Forex Trading has always been a battle between profit and loss. Many believe that having sufficient information about market changes enables an individual to minimize loss and maximize profit. Unfortunately, like life, Forex Trading can be quite unpredictable.
Everyone doesn’t want their investments to be put into drain. It is all about profits for everyone. Some even want to trade 24/7 but are limited with their capacity as a human being. Humans tend to be greedy, especially when profits are on the rise and cower on the threat of facing losses.
This is why traders have been on a constant search for ways how to make their investments flourish. This where Expert Advisor takes place.
What Are Expert Advisors and How Does It Work?
Expert Advisor is a trading system that is automated which means that it can automatically open and close trades according to a pre-set rules. It can advise traders which trades to make and see which are not. The EA can also be automatically be programmed to automatically execute the trades on a live account.
The programming language used to develop the EA is MetaQuotes Language 4. The EA is an automated software so it can function 24/7.
Types of Expert Advisor
Commonly, there are four types of Expert Advisor that you may stumble upon. These EAs are:
News Expert Advisor
This takes into consideration several new and huge price increase that can take place during significant news releases.
Breakout Expert Advisor
Support and resistance levels are very vital in the trading market. They basically represent "supply and demand." This kind of EA opens trade when there is a significant price breakthrough preliminary determined on these levels.
Hedge Expert Advisor
This is used to reduce losses in forex trade.
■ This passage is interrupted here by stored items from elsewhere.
(* There exists an infinite class of 4-planar graphs such that no graph $G$ in the class admits a planar octilinear drawing without bends, and every planar octilinear drawing of a graph $G$ with $n$ vertices in the class having at most one bend per edge has $\Omega(n)$ bends in total.
   Context: A $k$-planar graph is a planar graph in which every vertex has degree at most $k$. An octilinear drawing of a graph places every vertex on a point of the integer grid and draws every edge as a polyline consisting of horizontal, vertical and diagonal (slope $\pm 1$) line segments; a bend is a point of an edge where two consecutive segments of different slopes meet. The drawing is planar if no two edges cross. *)

From mathcomp Require Import all_boot.
From Stdlib Require Import Reals ZArith.

Set Implicit Arguments.
Unset Strict Implicit.
Unset Printing Implicit Defensive.

Definition simple_graph (n : nat) (e : rel 'I_n) : Prop :=
  (forall u v, e u v = e v u) /\ (forall u, ~~ e u u).

Definition deg (n : nat) (e : rel 'I_n) (u : 'I_n) : nat := #|[set v | e u v]|.

Definition pt := (R * R)%type.
Definition pt0 : pt := (0%R, 0%R).

Definition on_seg (a b x : pt) : Prop :=
  exists t : R, (0 <= t <= 1)%R /\
    x = (a.1 + t * (b.1 - a.1), a.2 + t * (b.2 - a.2))%R.

(* A polyline is the list of its points (endpoints and intermediate points). *)
Definition pnth (p : seq pt) (i : nat) : pt := nth pt0 p i.

Definition on_polyline (p : seq pt) (x : pt) : Prop :=
  exists i, i.+1 < size p /\ on_seg (pnth p i) (pnth p i.+1) x.

Definition simple_polyline (p : seq pt) : Prop :=
  (forall i, i.+1 < size p -> pnth p i <> pnth p i.+1) /\
  (forall i j x, i < j -> j.+1 < size p ->
     on_seg (pnth p i) (pnth p i.+1) x -> on_seg (pnth p j) (pnth p j.+1) x ->
     j = i.+1 /\ x = pnth p j).

Definition octilinear_seg (a b : pt) : Prop :=
  let dx := (b.1 - a.1)%R in let dy := (b.2 - a.2)%R in
  dx = 0%R \/ dy = 0%R \/ dx = dy \/ dx = (- dy)%R.

(* consecutive segments [a,q] and [q,b] have different slopes *)
Definition is_bend (a q b : pt) : bool :=
  if Req_EM_T ((q.1 - a.1) * (b.2 - q.2) - (q.2 - a.2) * (b.1 - q.1))%R 0%R
  then false else true.

Definition bends (p : seq pt) : nat :=
  count (fun i => is_bend (pnth p i.-1) (pnth p i) (pnth p i.+1))
        (iota 1 (size p).-2).

(* pos: vertex positions; route u v: intermediate points of the polyline of
   the edge {u,v}, drawn from u to v, used for u < v. *)
Record drawing (n : nat) := Drawing {
  pos : 'I_n -> pt;
  route : 'I_n -> 'I_n -> seq pt }.

Definition edge_poly n (d : drawing n) (u v : 'I_n) : seq pt :=
  pos d u :: route d u v ++ [:: pos d v].

Definition is_edge n (e : rel 'I_n) (u v : 'I_n) : bool := (u < v) && e u v.

Definition planar_drawing n (e : rel 'I_n) (d : drawing n) : Prop :=
  injective (pos d) /\
  (forall u v, is_edge e u v -> simple_polyline (edge_poly d u v)) /\
  (forall u v w, is_edge e u v -> w <> u -> w <> v ->
      ~ on_polyline (edge_poly d u v) (pos d w)) /\
  (forall u v u' v' x, is_edge e u v -> is_edge e u' v' -> (u, v) <> (u', v') ->
      on_polyline (edge_poly d u v) x -> on_polyline (edge_poly d u' v') x ->
      exists w, (w = u \/ w = v) /\ (w = u' \/ w = v') /\ x = pos d w).

Definition planar n (e : rel 'I_n) : Prop := exists d : drawing n, planar_drawing e d.

Definition k_planar (k : nat) n (e : rel 'I_n) : Prop :=
  planar e /\ forall u, deg e u <= k.

Definition planar_octilinear_drawing n (e : rel 'I_n) (d : drawing n) : Prop :=
  planar_drawing e d /\
  (forall v, exists a b : Z, pos d v = (IZR a, IZR b)) /\
  (forall u v, is_edge e u v -> forall i, i.+1 < size (edge_poly d u v) ->
      octilinear_seg (pnth (edge_poly d u v) i) (pnth (edge_poly d u v) i.+1)).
When you lost on an initial forex trade, then you will win on hedge trade. However, if you win on the initial trade, then the hedge trade will be deactivated and cancelled automatically.
Expert Advisor Scalper
Its goal is to pursue small profits when they are available.
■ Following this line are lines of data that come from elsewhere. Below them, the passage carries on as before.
Lemma PTP_dist_le tau u v : 0 <= tau ->
  `|P (T tau (P u)) - P (T tau (P v))| <= `|u - v|.
Proof.
move=> tau0; rewrite -(is_linearB Plin) -(is_linearB (T_linear tau0)) -(is_linearB Plin).
by rewrite (le_trans (P_le _)) // (le_trans (T_norm_le _ tau0)) // P_le.
Qed.

Lemma chernoff_le t K n tau y : 1 <= K ->
  (forall r x, 0 <= r -> r <= t -> `|S r x| <= K * `|x|) ->
  0 <= tau -> n%:R * tau <= t -> P y = y -> D y -> D (P (L y)) ->
  `|iter n (fun v => P (T tau (P v))) y - S (n%:R * tau) y| <=
    n%:R * (tau ^+ 2 * (K * ((1 + b) ^+ 2 + K)) * (`|y| + `|L y| + `|L (P (L y))|)).
Proof.
move=> K1 SK tau0 nt Py Dy DLy; have [_ S0 Ssg] := C0_semigroup_linear hS.
have tele := telescope_le (m := n)
  (u := fun k => `|iter k (fun v => P (T tau (P v))) y - S (k%:R * tau) y|)
  (c := tau ^+ 2 * (K * ((1 + b) ^+ 2 + K)) * (`|y| + `|L y| + `|L (P (L y))|)).
rewrite /= mul0r S0 subrr normr0 add0r in tele; apply: tele => k kn.
have r0 : 0 <= k%:R * tau by rewrite mulr_ge0.
have rt : k%:R * tau + tau <= t.
  by apply: le_trans nt; rewrite -{2}(mul1r tau) -mulrDl natr1 ler_wpM2r // ler_nat.
rewrite -natr1 mulrDl mul1r (addrC (k%:R * tau)) (Ssg _ _ _ tau0 r0).
apply: le_trans (ler_distD (P (T tau (P (S (k%:R * tau) y)))) _ _) _.
rewrite lerD ?PTP_dist_le // S_range // (local_error_le (t := t)) //.
  by rewrite r0 (le_trans _ rt) // lerDl.
by rewrite tau0 (le_trans _ rt) // lerDr.
Qed.

End ProjectedSemigroups.

Section TrotterIteration.
Context {R : realType} {X : completeNormedModType R}.
Variables (T S : R -> X -> X) (D : set X) (L P M : X -> X) (b dt : R) (n0 : nat).
Hypotheses (hT : C0_contraction_semigroup T) (hgT : generator_of T D L)
  (hP : projection_op P)
  (P_le : forall x, `|P x| <= `|x|) (hM : contraction_op M)
  (hE : opnorm_le (fun x => iter n0 M x - P x) dt)
  (MP : forall y, iter n0 M (P y) = P y) (PM : forall y, P (iter n0 M y) = P y)
  (dt0 : 0 <= dt) (dt1 : dt < 1) (b0 : 0 <= b)
  (hb : forall t : R, 0 <= t ->
     opnorm_le (fun x => P (T t (x - P x))) (t * b) /\
     opnorm_le (fun x => T t (P x) - P (T t (P x))) (t * b))
  (hS : C0_semigroup S)
  (hgS : generator_of S [set x | D (P x)] (fun x => P (L (P x)))).

Let Plin := projection_linear hP.
Let PP := projection_idem hP.

Local Notation trotter tau := (fun y => iter n0 M (T tau y)).

Lemma trotter_norm_le k tau x : 0 <= tau ->
  `|iter k (trotter tau) x| <= `|x|.
Proof.
move=> tau0; elim: k => //= k IH.
by rewrite (le_trans (contraction_iter _ _ hM)) // (le_trans (T_norm_le hT _ tau0)).
Qed.

Lemma subP_trotter_step_le tau v : 0 <= tau ->
  `|iter n0 M (T tau v) - P (iter n0 M (T tau v))| <=
    dt * `|v - P v| + dt * (tau * b * `|v|).
Proof.
move=> tau0; have Tlin := T_linear hT tau0; rewrite PM.
pose E y := iter n0 M y - P y.
change (`|E (T tau v)| <= dt * `|v - P v| + dt * (tau * b * `|v|)).
have EB y z : E (y + z) = E y + E z.
  by rewrite /E (is_linearD (is_linear_iter n0 hM.1)) (is_linearD Plin) opprD addrACA.
have EP y : E (P y) = 0 by rewrite /E MP PP subrr.
have -> : T tau v = T tau (v - P v) + (T tau (P v) - P (T tau (P v))) + P (T tau (P v)).
  by rewrite -addrA subrK -(is_linearD Tlin) subrK.
rewrite EB EP addr0 EB; apply: le_trans (ler_normD _ _) _.
apply: lerD; apply: le_trans (hE _) _; rewrite ler_wpM2l //.
  exact: T_norm_le.
exact: (hb tau0).2.
Qed.

Lemma subP_trotter_le tau v : 0 <= tau ->
  `|iter n0 M (T tau v) - P (iter n0 M (T tau v))| <= dt * `|v|.
Proof. by move=> tau0; rewrite PM (le_trans (hE _)) // ler_wpM2l // T_norm_le. Qed.

Lemma subP_trotter_iter_le tau x A : 0 <= tau -> `|x - P x| <= A ->
  forall k, `|iter k (trotter tau) x - P (iter k (trotter tau) x)| <=
    dt ^+ k * A + tau * b * `|x| / (1 - dt).
Proof.
move=> tau0 xA; apply: (affine_recursion_le
  (u := fun k => `|iter k (trotter tau) x - P (iter k (trotter tau) x)|)) => //.
- by rewrite dt0.
- by rewrite !mulr_ge0.
move=> k; apply: le_trans (subP_trotter_step_le _ tau0) _.
rewrite lerD2l; apply: le_trans (ler_piMl _ (ltW dt1)) _; first by rewrite !mulr_ge0.
by rewrite ler_wpM2l ?mulr_ge0 // trotter_norm_le.
Qed.

Lemma P_trotter_iter_le tau x n : 0 <= tau ->
  `|P (iter n (trotter tau) x) - iter n (fun v => P (T tau (P v))) (P x)| <=
    tau * b * ((`|x| + `|x|) / (1 - dt) + n%:R * (tau * b * `|x| / (1 - dt))).
Proof.
move=> tau0; have Tlin := T_linear hT tau0.
have := geometric_forcing_le (q := dt) (a := tau * b) (C := `|x| + `|x|)
  (B := tau * b * `|x| / (1 - dt))
  (v := fun k => `|P (iter k (trotter tau) x) - iter k (fun v => P (T tau (P v))) (P x)|).
rewrite (_ : `|_ - iter 0 _ (P x)| = 0); last by rewrite subrr normr0.
move=> tracking; rewrite -[X in _ <= X]add0r.
apply: tracking => //; rewrite ?dt0 ?mulr_ge0 ?addr_ge0 // => k.
rewrite !iterS PM; set u := iter k _ x; set a := iter k _ (P x).
have -> : P (T tau u) = P (T tau (P u)) + P (T tau (u - P u)).
  by rewrite -(is_linearD Plin) -(is_linearD Tlin) addrC subrK.
rewrite addrAC; apply: le_trans (ler_normD _ _) _; apply: lerD.
  by have := PTP_dist_le hT hP P_le (P u) a tau0; rewrite PP.
have := (hb tau0).1 (u - P u); rewrite P_subP // subr0 => /le_trans; apply.
rewrite ler_wpM2l ?mulr_ge0 //; apply: subP_trotter_iter_le => //.
exact: subP_norm_le.
Qed.

Lemma trotter_error_le t K n x : 0 <= t -> 1 <= K ->
  (forall r y, 0 <= r -> r <= t -> `|S r y| <= K * `|y|) ->
  (0 < n)%N -> D (P x) -> D (P (L (P x))) ->
  `|iter n (trotter (t / n%:R)) x - S t (P x)| <=
    ((3 * t * b + (t * b) ^+ 2) / (1 - dt) + t ^+ 2 * (K * ((1 + b) ^+ 2 + K))) / n%:R
      * (`|x| + `|L (P x)| + `|L (P (L (P x)))|) + dt ^+ n * `|x|.
Proof.
case: n => // n t0 K1 SK _ DPx DLPx; set tau := t / n.+1%:R.
have tau0 : 0 <= tau by rewrite divr_ge0.
have ntau : n.+1%:R * tau = t by rewrite /tau mulrC divfK.
set u := iter n.+1 _ x; set a := iter n.+1 (fun v => P (T tau (P v))) (P x).
have eP := P_trotter_iter_le x n.+1 tau0.
have ntau_le : n.+1%:R * tau <= t by rewrite ntau.
have eS := chernoff_le hT hgT hP P_le b0 hb hS hgS K1 SK tau0 ntau_le (PP x) DPx DLPx.
rewrite ntau in eS.
have eQ : `|u - P u| <= dt ^+ n.+1 * `|x| + tau * b * `|x| / (1 - dt).
  have := subP_trotter_iter_le tau0 (subP_trotter_le x tau0) n.
  rewrite -iterSr => /le_trans; apply; rewrite mulrA -exprSr lerD2l.
  rewrite ler_wpM2r ?invr_ge0 ?subr_ge0 ?(ltW dt1) // ler_wpM2l ?mulr_ge0 //.
  exact: (trotter_norm_le 1).
have -> : u - S t (P x) = (P u - a) + (a - S t (P x)) + (u - P u).
  by rewrite (addrA (P u - a)) subrK [RHS]addrC (addrA (u - P u)) subrK.
apply: le_trans (ler_normD _ _) _; apply: le_trans (lerD (ler_normD _ _) (lexx _)) _.
apply: le_trans (lerD (lerD eP eS) eQ) _.
set N := `|x| + _ + _; set NP := `|P x| + _ + _; set G := K * _.
set A := (3 * t * b + (t * b) ^+ 2) / (1 - dt).
have dt1' : 1 - dt != 0 by rewrite subr_eq0 gt_eqF.
rewrite [leLHS](_ : _ =
    (A * `|x| + t ^+ 2 * G * NP) / n.+1%:R + dt ^+ n.+1 * `|x|); last first.
  by rewrite /A -ntau; field; rewrite dt1' andbT nat1r pnatr_eq0.
rewrite lerD2r [leRHS]mulrAC ler_wpM2r ?invr_ge0 // mulrDl lerD // ler_wpM2l //.
- by rewrite /A divr_ge0 ?subr_ge0 ?(ltW dt1) // addr_ge0 ?sqr_ge0 // !mulr_ge0.
- by rewrite /N -addrA lerDl addr_ge0.
- by rewrite !mulr_ge0 ?addr_ge0 ?sqr_ge0 // (le_trans ler01).
- by rewrite /NP /N !lerD2r.
Qed.

End TrotterIteration.

Unset Implicit Arguments.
The Downside of Expert Advisor
Expert Advisor has indeed been beneficial but unfortunately, it is lacking in some ways.
First, it is difficult to attest the accuracy of any Expert Advisor unless one tries it for himself.
Second, it does not work well on live accounts despite performing well on demo accounts, which results in traders losing their money.
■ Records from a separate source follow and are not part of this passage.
Lemma ler_sum_partition (T K : eqType) (s : seq T) (L : seq K) (key : T -> K)
    (g : T -> R) :
  (forall x, x \in s -> key x \in L) -> (forall x, x \in s -> 0 <= g x) ->
  \sum_(x <- s) g x <= \sum_(b <- L) \sum_(x <- s | key x == b) g x.
Proof.
move=> key_L g_ge0; rewrite (exchange_big_dep xpredT) //=.
rewrite [leRHS]big_seq_cond [leLHS]big_seq_cond; apply: ler_sum => x /andP[x_s _].
rewrite big_const_seq.
have : (0 < count (fun b => key x == b) L)%N.
  by rewrite -has_count; apply/hasP; exists (key x); rewrite ?key_L.
case: (count _ L) => // c _ /=; rewrite lerDl.
by elim: c => //= c IHc; rewrite addr_ge0 ?g_ge0.
Qed.

End SumComparison.

Section WordSums.
Variables (R : numDomainType) (n : nat).
Local Notation expo := {ffun 'I_n -> nat}.
Implicit Types (a : expo) (v : 'I_n -> R) (h : expo -> R).

Definition expo0 : expo := [ffun => 0%N].
Definition expo_inc a i : expo := [ffun j => (a j + (j == i))%N].
Definition expo_dec a i : expo := [ffun j => (a j - (j == i))%N].
Definition expo_deg a : nat := (\sum_j a j)%N.
Definition expo_eval v a : R := \prod_j v j ^+ a j.

(* word_sum k h is the sum, over all words of length k in the letters 'I_n,
   of h applied to the letter-count vector of the word. *)
Fixpoint word_sum (k : nat) h : R :=
  if k is k'.+1 then \sum_(i < n) word_sum k' (fun a => h (expo_inc a i))
  else h expo0.

Lemma ler_word_sum k h g : (forall a, h a <= g a) -> word_sum k h <= word_sum k g.
Proof.
elim: k h g => [|k IH] h g hg /=; first exact: hg.
by apply: ler_sum => i _; apply: IH.
Qed.

Lemma eq_word_sum k h g : h =1 g -> word_sum k h = word_sum k g.
Proof.
elim: k h g => [|k IH] h g hg /=; first exact: hg.
by apply: eq_bigr => i _; apply: IH.
Qed.

Lemma word_sumD k h g : word_sum k (fun a => h a + g a) = word_sum k h + word_sum k g.
Proof.
elim: k h g => [|k IH] h g //=.
by rewrite -big_split; apply: eq_bigr => i _; rewrite IH.
Qed.

Lemma word_sumZ k c h : word_sum k (fun a => c * h a) = c * word_sum k h.
Proof.
elim: k h => [|k IH] h //=.
by rewrite mulr_sumr; apply: eq_bigr => i _; rewrite IH.
Qed.

Lemma expo_eval0 v : expo_eval v expo0 = 1.
Proof. by rewrite /expo_eval big1 // => j _; rewrite ffunE expr0. Qed.

Lemma expo_eval_inc v a i : expo_eval v (expo_inc a i) = v i * expo_eval v a.
Proof.
rewrite /expo_eval; under eq_bigr => j _ do rewrite ffunE exprD.
rewrite big_split /= mulrC; congr (_ * _).
by rewrite (bigD1 i) //= eqxx expr1 big1 ?mulr1 // => j /negbTE ->.
Qed.

Lemma expo_eval_ge0 v a : (forall i, 0 <= v i) -> 0 <= expo_eval v a.
Proof. by move=> v_ge0; apply: prodr_ge0 => i _; apply: exprn_ge0. Qed.

Lemma word_sum_eval k v : word_sum k (expo_eval v) = (\sum_i v i) ^+ k.
Proof.
elim: k => [|k IH] /=; first by rewrite expo_eval0 expr0.
rewrite exprS mulr_suml; apply: eq_bigr => i _.
rewrite (eq_word_sum _ (g := fun a => v i * expo_eval v a)) ?word_sumZ ?IH //.
by move=> a; rewrite expo_eval_inc.
Qed.

Lemma word_sum_eval_dist k u v :
  (forall i, 0 <= u i) -> (forall i, 0 <= v i) ->
  \sum_i u i <= 1 -> \sum_i v i <= 1 ->
  word_sum k (fun a => `|expo_eval u a - expo_eval v a|)
    <= k%:R * \sum_i `|u i - v i|.
Proof.
move=> u_ge0 v_ge0 u_le1 v_le1; set S := \sum_i `|u i - v i|.
have S_ge0 : 0 <= S by apply: sumr_ge0.
elim: k => [|k IH] /=; first by rewrite !expo_eval0 subrr normr0 mul0r.
apply: (@le_trans _ _ (\sum_i (u i * (k%:R * S) + `|u i - v i|))).
  apply: ler_sum => i _.
  pose split_diff a := u i * `|expo_eval u a - expo_eval v a|
                       + `|u i - v i| * expo_eval v a.
  apply: (@le_trans _ _ (word_sum k split_diff)).
    apply: ler_word_sum => a; rewrite !expo_eval_inc.
    have -> : u i * expo_eval u a - v i * expo_eval v a =
              u i * (expo_eval u a - expo_eval v a) + (u i - v i) * expo_eval v a.
      by rewrite mulrBr mulrBl addrA subrK.
    apply: (le_trans (ler_normD _ _)).
    by rewrite !normrM (ger0_norm (u_ge0 i)) (ger0_norm (expo_eval_ge0 _ v_ge0)).
  rewrite word_sumD !word_sumZ word_sum_eval lerD ?ler_wpM2l //.
  by rewrite ler_piMr // exprn_ile1 // sumr_ge0.
rewrite big_split /= -mulr_suml -/S -[k.+1]addn1 natrD mulrDl mul1r lerD2r.
by rewrite ler_piMl // mulr_ge0.
Qed.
Using Expert Advisors do not really guarantee bigger profits and lower losses.
Automated trading in the Forex Market needs proper risk and money management. The Expert Advisor only gives the opportunity to earn due to a large number of remunerative transactions.
However, it needs a lot of proper tuning up. No matter how advanced the logic that is built into the expert advisor nor how amazing the backtests results are, it cannot make up for its poor money management.
Money management rules the method of capital management to trade various assets. Its task is to meet an acceptable level of risk and use capital efficiently. It is the strategic management of position sizes to ensure a positive outcome. Losing trades can be easily reigned in and losing streaks can be accounted for if there is an excellent money management system.
Money Management Options
There are several options for money management that can be used when trading using the expert advisor.
Automatic Setting Lot
The lot size is set as a percentage of the Deposit. It means that the trader determines the possible loss he will receive if it was a safety Stop Loss order. Then, the trading robot will put the lot in the appropriate units.
The lot size that will be used in trading by the expert advisor will be indicated by the investor in the appropriate box. It is inconvenient because the settings need to be changed depending on the amount of funds in the account. The lot size should be calculated based on the size of the deposit.
The size of the first order in a series of orders
The algorithm which involves the opening of orders at a certain distance from each other set the size of the first transaction. The recommendations provided by the trading robot should be strictly followed.
Aside from having sound money management, one should also take into account that every expert advisor is going to experience a losing streak. Knowing this would help foresee and prepare when it happens. There is no knowing how long losing streak could last so it is essential to prepare to avoid the potential risk of wiping the account.
The risk of trading account size on any given trade should not exceed 2% in order for it to last for a long time. Profits and losses are always unpredictable. One may experience a very long losing streak and a very short winning streak; no one could tell. One could just have to make up for the losses it has.
Trading in a market as complex as Forex is like trading in the dark. No one could tell if you will earn a profit or completely lose on your account. There are various tips and strategies to refrain the loss from happening but still, it is a matter of proper preparation and decisions.